夏天刚刚到来的时候,易真再次跟这个区域的行刑官见了一面。和上次不同的是,这次他是挑着白天去的;和上次相同的是,行刑官重重加固的防守措施,仍然对易真毫无效果。

好在会面的结果皆大欢喜,易真遵从刺客这个古老职业的行规,将自己的身手作为筹码,交换来了针对裁决第五席布下的局。

[危险至极的局。]太阿见缝插针,不肯放弃对易真的劝谏,[玩弄时间是需要付出沉重代价的,玩家,我劝你不要这么做。]

“我已经做了,就不会留一丝余地。”易真说,“你知道我的性格。”

[人之所以是人,就是因为你们会犹豫,会退缩,会想出尽可能符合自身利益的方式,来达成自己的目标。人是会变的,你们不是设定好的ai,只遵循计算的逻辑。]太阿说,[当前,你正在做一件很危险的事,所以我同时按照我的逻辑劝告你,不要这么做。]

易真停下了脚步。

“你以为我没有想过吗?”他沉声说,“黎泽宇可以从时间线上改变自己死亡的结果,只有当时升格成大贤者的容鸿雪,才能对他造成真正的威胁,除此之外,就是让他在毫无知觉的情况下死去,就像传说中怀剑去杀楚王的眉间尺,剑过头落,仍保有意识,达到这种程度,他应该就没办法再倒转时间了。”

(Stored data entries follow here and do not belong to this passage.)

Lemma hahn_val_add_lead_le f g (h0 k0 : H) :
  well_ordered_subset leH (Defs.support f) ->
  well_ordered_subset leH (Defs.support g) ->
  least_exp f h0 -> least_exp g k0 -> leH h0 k0 ->
  ole (Gbeta_le leG leH) (hahn_val leH v f) (hahn_val leH v (hahn_add f g)) \/
  ole (Gbeta_le leG leH) (hahn_val leH v g) (hahn_val leH v (hahn_add f g)).
Proof.
have [_ anti leT _ _] := ordH.
move=> wo_f wo_g f_h0 g_k0 le_h0k0.
have [->|[m s_m]] :=
  well_ordered_support_cases (well_ordered_support_add wo_f wo_g).
  by left; rewrite hahn_val_zero; case: (hahn_val _ _ f).
have le_h0m : leH h0 m.
  have [fm0|/eqP] := eqVneq (f m) 0; last exact: f_h0.2.
  apply: leT le_h0k0 _; apply: g_k0.2 => gm0.
  by apply: s_m.1; rewrite /hahn_add fm0 gm0 addr0.
rewrite (hahn_val_lead s_m) (hahn_val_lead f_h0) (hahn_val_lead g_k0).
have [eq_h0m|neq_h0m] := eqVneq h0 m; last first.
  left; case E: (v (f h0)) => [z|]; last by case: f_h0.1; apply/valuation_eq0.
  by case: (v _) => //= z'; left; split => //; apply/eqP.
rewrite -eq_h0m /hahn_add.
have [eq_h0k0|neq_h0k0] := eqVneq h0 k0; last first.
  have -> : g h0 = 0.
    apply: contrapT => gh0; case/eqP: neq_h0k0.
    exact: anti le_h0k0 (g_k0.2 _ gh0).
  by left; rewrite addr0; apply: ole_refl.
have [_ _ v_ultra] := v_val; rewrite -eq_h0k0.
by case: (v_ultra (f h0) (g h0) I I) => le_v; [left | right]; apply: ole_same_exp.
Qed.

Lemma hahn_val_add f g :
  well_ordered_subset leH (Defs.support f) ->
  well_ordered_subset leH (Defs.support g) ->
  ole (Gbeta_le leG leH) (hahn_val leH v f) (hahn_val leH v (hahn_add f g)) \/
  ole (Gbeta_le leG leH) (hahn_val leH v g) (hahn_val leH v (hahn_add f g)).
Proof.
have [_ _ _ le_total _] := ordH.
move=> wo_f wo_g.
case/well_ordered_support_cases: (wo_f) => [->|[h0 f_h0]].
  by right; rewrite hahn_add0f; apply: ole_refl.
case/well_ordered_support_cases: (wo_g) => [->|[k0 g_k0]].
  by left; rewrite hahn_addC hahn_add0f; apply: ole_refl.
case: (le_total h0 k0) => [le_h0k0|le_k0h0].
  exact: hahn_val_add_lead_le wo_f wo_g f_h0 g_k0 le_h0k0.
rewrite hahn_addC.
by case: (hahn_val_add_lead_le wo_g wo_f g_k0 f_h0 le_k0h0); [right | left].
Qed.

End Valuation.

End HahnSeries.

Theorem proposition2p2 (G : zmodType) (leG : rel G) (A : pred G)
  (H : zmodType) (rho : G -> H) (alpha : H -> G)
  (K : fieldType) (v : K -> option G) (p : nat) (sigma : G -> K) (D : Type) :
  ordered_abelian_group leG ->
  smallest_nonzero_convex_subgroup leG A ->
  quotient_proj A rho ->
  transversal_map rho alpha ->
  char0 K ->
  valued_field_with_value_group leG A v ->
  residue_char leG v p ->
  cross_section A v sigma ->
  infinite_type D ->
  valuation_on (in_hahn (induced_le leG rho) D) (@hahn_zero H K)
    (@hahn_add H K) (hahn_mul (cocycle alpha) sigma)
    (Gbeta_add (cocycle alpha)) (Gbeta_le leG (induced_le leG rho))
    (hahn_val (induced_le leG rho) v).
Proof.
move=> ordG [[subA convexA _] _] rhoA alpha_tr _ [v_val _ _] _ sigma_cs _.
have ordH := induced_le_ordered ordG subA.1 convexA rhoA.
have [leG_refl _ _ _ _] := ordG.
have beta_A h h' := cocycle_in_kernel h h' rhoA alpha_tr.
split=> [f [wo_f _] | f g [wo_f _] [wo_g _] | f g [wo_f _] [wo_g _]].
- exact: (hahn_val_eq_None ordH v_val wo_f).
- exact: (hahn_val_mul ordH v_val subA beta_A sigma_cs wo_f wo_g).
- exact: (hahn_val_add ordH v_val leG_refl wo_f wo_g).
Qed.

易真对太阿道:“你现在发布个任务,把干将莫邪给我,我就放弃这个计划。”

太阿:[我还真可以给,只不过剑一交到你手上,你就会因为使用了大量不属于这个时空的能力,被立刻抹消。]

易真:“……你好牛啊,是想让我夸你吗。”

一人一ai你来我往了几句,易真抬起头来,发现容鸿雪正用一种忧虑的目光看着他。

“真的没事吗?”他问,“你要一个人去对付可以操纵时间的对手,我觉得这很……危险。”

太阿适时插话:[你看,你的男主也觉得不妥当了。]

易真望着他,笑了笑。

“我不是单打独斗,裁决者来的时候,很可能还带着一大批星盗,你能帮我引开那些杂碎,就已经足够了,不用再帮别的忙。”

容鸿雪看着他,忽然低声问:“你……你不会死,对不对?”

“我很有可能会没命,”易真没有安慰遮掩的意思,“我只能说,我会尽量活下来。”

容鸿雪不说话了,他坐在草垫上,垂下来的额发遮住了眼睛,过了一会,他低声说:“其实未必要这样。”

于是易真也做出和小朋友谈心的模样,坐在他身边问:“哪样呢?”

“我们可以离开这里,”容鸿雪认真地凝视他的眼睛,对他说,“争取到积攒力量的时间。这颗星球贫瘠,我们就去别的行星寻找机会,我会变强的,变得和你一样强,甚至比你还强。”

“哪怕像逃跑一样?”易真深知容鸿雪作为少年人的骄傲气盛,他因此发问。

容鸿雪毫不犹豫:“哪怕像逃跑一样。”

易真注视他,不由百感交集。

上一个时间线的容鸿雪,已经坐稳了主角的宝座,财富、力量、权柄,他什么都不缺,仍然被裁决者逼到退无可退的地步,最终不得不带着自己在星际间辗转流浪,以此求得一线喘息的生机;这一个时间线的容鸿雪,因为有过一次升格大贤者的结局,强大更甚于先前,自己也得到了裁决第七席的系统,独占了一名裁决者全部的积累与资源,结果还是放跑了最后一个。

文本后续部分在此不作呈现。